__EXERCISE OBJECTIVE__.
Lines holding the string "factors" are the ones to copy; find them all in the data.

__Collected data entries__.
'''

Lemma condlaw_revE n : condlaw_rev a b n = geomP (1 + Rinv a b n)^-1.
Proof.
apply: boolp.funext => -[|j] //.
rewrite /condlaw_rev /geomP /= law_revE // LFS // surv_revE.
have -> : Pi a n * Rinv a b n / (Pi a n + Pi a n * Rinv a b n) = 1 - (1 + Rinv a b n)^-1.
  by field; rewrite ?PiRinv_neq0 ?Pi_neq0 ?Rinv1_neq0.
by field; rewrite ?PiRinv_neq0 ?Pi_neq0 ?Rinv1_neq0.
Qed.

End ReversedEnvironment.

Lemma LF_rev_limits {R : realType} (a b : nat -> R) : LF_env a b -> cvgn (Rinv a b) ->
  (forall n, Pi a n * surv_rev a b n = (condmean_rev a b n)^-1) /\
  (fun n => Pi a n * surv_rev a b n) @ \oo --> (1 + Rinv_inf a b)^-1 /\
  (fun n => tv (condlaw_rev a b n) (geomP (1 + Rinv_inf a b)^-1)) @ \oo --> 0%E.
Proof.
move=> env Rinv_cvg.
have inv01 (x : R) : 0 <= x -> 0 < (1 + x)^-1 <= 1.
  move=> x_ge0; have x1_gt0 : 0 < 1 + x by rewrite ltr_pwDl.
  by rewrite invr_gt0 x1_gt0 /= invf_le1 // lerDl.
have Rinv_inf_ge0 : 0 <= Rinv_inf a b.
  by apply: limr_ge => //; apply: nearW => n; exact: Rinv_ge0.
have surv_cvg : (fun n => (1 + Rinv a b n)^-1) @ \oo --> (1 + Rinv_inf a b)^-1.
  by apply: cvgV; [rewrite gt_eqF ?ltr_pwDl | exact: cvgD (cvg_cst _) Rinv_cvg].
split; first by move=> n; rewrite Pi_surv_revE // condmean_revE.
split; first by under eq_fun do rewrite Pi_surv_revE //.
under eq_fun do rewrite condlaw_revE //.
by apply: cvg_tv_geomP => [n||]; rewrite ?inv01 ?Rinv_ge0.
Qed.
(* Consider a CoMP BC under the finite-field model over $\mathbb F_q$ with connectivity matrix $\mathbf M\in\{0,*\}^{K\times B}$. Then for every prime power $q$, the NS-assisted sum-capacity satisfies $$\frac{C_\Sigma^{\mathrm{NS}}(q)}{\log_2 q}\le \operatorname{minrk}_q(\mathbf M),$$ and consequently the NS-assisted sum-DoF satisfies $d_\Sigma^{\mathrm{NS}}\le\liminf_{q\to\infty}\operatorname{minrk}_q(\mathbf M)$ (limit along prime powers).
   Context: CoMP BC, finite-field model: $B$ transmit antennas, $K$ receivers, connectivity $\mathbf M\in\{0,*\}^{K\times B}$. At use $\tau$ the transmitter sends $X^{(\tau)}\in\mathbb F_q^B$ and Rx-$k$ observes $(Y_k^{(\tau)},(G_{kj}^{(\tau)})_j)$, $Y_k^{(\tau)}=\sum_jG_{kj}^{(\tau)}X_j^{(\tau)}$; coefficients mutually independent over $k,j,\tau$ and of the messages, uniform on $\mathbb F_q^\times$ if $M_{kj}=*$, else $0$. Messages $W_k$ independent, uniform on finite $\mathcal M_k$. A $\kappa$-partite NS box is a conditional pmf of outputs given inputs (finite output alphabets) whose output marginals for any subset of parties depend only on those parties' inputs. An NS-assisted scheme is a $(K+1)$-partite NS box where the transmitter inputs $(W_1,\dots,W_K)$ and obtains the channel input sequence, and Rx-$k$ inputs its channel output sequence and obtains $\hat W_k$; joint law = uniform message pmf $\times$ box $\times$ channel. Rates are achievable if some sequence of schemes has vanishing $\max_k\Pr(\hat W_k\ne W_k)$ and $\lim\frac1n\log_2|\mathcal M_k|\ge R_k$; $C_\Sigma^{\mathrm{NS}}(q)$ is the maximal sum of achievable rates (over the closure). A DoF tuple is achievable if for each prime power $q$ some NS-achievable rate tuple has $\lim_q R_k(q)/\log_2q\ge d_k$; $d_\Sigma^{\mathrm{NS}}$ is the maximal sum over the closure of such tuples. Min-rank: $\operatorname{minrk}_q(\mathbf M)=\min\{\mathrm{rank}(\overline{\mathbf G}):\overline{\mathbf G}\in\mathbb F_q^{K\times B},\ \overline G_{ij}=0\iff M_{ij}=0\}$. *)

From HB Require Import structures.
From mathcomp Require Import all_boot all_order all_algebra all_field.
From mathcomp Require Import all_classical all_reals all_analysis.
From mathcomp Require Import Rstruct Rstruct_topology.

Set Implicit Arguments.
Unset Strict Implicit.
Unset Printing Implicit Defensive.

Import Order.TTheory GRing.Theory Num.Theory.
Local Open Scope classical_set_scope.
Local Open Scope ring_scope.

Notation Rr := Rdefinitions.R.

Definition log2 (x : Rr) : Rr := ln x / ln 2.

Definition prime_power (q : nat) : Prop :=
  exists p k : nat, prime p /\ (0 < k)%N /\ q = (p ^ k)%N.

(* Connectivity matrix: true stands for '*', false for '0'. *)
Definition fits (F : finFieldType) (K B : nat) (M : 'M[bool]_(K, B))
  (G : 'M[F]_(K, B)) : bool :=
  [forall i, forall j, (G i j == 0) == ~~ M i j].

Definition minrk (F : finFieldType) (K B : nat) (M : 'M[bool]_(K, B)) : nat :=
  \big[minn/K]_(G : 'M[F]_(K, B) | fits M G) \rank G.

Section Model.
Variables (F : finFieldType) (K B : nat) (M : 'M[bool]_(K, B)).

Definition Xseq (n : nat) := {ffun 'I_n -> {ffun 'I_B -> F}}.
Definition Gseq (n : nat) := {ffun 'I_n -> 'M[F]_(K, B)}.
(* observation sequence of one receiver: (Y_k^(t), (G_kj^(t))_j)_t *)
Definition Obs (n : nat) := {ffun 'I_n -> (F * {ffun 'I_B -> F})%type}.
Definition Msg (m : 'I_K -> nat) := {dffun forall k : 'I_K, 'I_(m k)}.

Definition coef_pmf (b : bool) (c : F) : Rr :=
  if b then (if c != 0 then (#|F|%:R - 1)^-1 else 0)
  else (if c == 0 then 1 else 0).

'''
'''

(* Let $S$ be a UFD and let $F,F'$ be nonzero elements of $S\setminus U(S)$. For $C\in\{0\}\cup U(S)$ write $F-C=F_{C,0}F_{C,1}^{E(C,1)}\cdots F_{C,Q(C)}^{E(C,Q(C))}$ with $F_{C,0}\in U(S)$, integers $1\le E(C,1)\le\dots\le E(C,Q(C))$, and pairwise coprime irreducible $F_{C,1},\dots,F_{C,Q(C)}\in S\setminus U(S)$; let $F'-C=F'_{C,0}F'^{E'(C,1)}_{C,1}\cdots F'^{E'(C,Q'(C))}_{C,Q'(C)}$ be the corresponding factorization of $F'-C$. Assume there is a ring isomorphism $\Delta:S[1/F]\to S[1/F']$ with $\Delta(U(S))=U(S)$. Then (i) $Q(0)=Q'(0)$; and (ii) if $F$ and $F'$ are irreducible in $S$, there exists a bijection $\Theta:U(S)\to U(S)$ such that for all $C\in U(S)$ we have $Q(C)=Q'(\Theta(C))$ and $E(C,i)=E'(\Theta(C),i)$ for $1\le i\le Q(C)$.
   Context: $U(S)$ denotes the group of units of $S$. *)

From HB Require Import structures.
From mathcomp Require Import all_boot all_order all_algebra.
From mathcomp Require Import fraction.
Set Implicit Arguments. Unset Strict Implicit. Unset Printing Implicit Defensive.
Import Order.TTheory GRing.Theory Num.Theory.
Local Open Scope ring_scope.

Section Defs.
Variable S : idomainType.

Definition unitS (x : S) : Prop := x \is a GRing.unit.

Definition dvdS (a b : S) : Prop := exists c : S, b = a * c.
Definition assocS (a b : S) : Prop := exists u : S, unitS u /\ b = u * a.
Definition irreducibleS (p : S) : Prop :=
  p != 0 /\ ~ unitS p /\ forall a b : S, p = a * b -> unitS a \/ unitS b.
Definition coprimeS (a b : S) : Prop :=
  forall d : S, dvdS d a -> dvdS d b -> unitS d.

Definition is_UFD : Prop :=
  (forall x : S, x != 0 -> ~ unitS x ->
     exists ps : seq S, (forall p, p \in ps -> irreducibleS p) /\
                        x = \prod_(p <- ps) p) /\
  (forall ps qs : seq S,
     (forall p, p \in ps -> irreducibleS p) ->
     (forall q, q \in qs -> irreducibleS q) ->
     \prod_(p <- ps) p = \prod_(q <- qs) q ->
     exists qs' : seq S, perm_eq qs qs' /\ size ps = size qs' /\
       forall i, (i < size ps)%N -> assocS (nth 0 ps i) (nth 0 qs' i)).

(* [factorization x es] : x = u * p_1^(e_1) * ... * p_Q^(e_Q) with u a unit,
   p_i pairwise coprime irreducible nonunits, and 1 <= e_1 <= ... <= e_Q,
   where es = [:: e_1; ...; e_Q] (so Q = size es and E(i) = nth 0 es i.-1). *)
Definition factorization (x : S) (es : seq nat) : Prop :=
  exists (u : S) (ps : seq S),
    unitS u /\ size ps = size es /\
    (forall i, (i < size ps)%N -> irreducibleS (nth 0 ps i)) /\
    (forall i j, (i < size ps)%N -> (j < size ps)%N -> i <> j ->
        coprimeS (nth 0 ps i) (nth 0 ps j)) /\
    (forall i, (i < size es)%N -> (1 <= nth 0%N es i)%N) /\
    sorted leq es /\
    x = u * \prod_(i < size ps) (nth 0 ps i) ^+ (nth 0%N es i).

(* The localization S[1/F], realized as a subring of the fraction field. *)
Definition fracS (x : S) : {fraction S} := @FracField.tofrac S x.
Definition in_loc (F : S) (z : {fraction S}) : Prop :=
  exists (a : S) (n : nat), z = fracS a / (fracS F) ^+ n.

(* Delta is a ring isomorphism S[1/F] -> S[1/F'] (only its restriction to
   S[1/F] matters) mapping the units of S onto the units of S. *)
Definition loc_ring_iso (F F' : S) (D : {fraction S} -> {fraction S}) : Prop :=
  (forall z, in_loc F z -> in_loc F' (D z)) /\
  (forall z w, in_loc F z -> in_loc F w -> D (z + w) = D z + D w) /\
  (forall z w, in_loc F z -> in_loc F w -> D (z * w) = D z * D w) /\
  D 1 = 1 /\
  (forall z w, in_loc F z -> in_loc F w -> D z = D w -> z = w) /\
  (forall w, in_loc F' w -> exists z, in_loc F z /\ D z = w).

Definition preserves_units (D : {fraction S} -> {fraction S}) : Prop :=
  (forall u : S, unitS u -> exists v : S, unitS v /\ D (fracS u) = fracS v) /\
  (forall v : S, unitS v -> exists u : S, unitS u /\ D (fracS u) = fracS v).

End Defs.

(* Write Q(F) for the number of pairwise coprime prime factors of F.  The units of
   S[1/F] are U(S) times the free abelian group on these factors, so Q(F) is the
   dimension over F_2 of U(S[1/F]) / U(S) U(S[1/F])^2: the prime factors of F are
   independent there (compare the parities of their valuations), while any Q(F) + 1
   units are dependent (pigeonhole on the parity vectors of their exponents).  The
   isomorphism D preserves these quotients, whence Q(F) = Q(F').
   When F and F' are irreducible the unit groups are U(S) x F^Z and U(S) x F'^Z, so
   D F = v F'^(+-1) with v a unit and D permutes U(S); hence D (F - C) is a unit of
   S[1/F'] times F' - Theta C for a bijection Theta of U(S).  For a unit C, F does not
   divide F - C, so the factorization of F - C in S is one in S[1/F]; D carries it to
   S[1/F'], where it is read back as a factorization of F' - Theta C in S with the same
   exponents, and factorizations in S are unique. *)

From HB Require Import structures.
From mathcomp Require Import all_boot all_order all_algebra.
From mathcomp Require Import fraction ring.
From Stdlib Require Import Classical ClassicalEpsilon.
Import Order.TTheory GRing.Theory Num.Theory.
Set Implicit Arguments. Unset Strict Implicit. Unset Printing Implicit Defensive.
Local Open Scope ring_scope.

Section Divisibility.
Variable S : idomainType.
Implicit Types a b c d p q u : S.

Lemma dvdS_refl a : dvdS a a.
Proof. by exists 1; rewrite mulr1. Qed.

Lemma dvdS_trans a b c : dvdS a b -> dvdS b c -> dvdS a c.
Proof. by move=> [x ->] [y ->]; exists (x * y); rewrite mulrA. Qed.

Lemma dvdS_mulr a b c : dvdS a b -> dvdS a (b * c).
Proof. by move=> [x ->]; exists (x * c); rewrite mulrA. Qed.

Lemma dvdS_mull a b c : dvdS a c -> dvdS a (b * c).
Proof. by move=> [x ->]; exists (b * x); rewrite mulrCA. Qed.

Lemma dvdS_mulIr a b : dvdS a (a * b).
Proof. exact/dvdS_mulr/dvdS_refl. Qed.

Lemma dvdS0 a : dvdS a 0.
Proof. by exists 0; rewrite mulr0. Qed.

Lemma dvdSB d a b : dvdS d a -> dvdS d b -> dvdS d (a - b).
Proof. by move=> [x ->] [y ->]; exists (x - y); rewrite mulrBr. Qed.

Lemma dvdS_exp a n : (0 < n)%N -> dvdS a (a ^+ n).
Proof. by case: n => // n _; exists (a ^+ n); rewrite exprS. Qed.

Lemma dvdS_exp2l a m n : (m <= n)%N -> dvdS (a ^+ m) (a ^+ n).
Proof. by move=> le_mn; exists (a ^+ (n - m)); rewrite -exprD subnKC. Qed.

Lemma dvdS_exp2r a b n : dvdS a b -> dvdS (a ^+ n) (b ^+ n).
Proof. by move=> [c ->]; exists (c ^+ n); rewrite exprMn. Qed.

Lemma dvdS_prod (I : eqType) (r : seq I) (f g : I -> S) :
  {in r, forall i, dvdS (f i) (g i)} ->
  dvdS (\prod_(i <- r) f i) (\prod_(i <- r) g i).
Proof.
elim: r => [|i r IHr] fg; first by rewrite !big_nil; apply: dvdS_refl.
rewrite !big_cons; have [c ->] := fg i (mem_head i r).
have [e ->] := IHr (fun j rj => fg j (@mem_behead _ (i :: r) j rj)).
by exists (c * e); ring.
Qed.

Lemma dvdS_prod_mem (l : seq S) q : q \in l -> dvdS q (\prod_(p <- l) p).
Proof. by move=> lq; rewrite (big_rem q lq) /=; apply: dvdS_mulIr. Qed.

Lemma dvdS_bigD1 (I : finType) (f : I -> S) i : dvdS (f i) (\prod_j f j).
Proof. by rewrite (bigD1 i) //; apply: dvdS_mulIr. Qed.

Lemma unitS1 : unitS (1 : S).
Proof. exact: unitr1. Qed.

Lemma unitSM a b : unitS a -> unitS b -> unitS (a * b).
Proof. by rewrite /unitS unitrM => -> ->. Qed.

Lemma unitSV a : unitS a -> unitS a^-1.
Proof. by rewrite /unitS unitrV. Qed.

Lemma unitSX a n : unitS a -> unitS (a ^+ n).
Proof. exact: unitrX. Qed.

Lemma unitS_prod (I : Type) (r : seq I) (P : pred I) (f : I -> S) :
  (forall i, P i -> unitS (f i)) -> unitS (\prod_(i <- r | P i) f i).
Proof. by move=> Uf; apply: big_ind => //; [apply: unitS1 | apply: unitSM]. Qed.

'''

__FINAL ANSWER__.
(* Write Q(F) for the number of pairwise coprime prime factors of F.  The units of
   S[1/F] are U(S) times the free abelian group on these factors, so Q(F) is the
   dimension over F_2 of U(S[1/F]) / U(S) U(S[1/F])^2: the prime factors of F are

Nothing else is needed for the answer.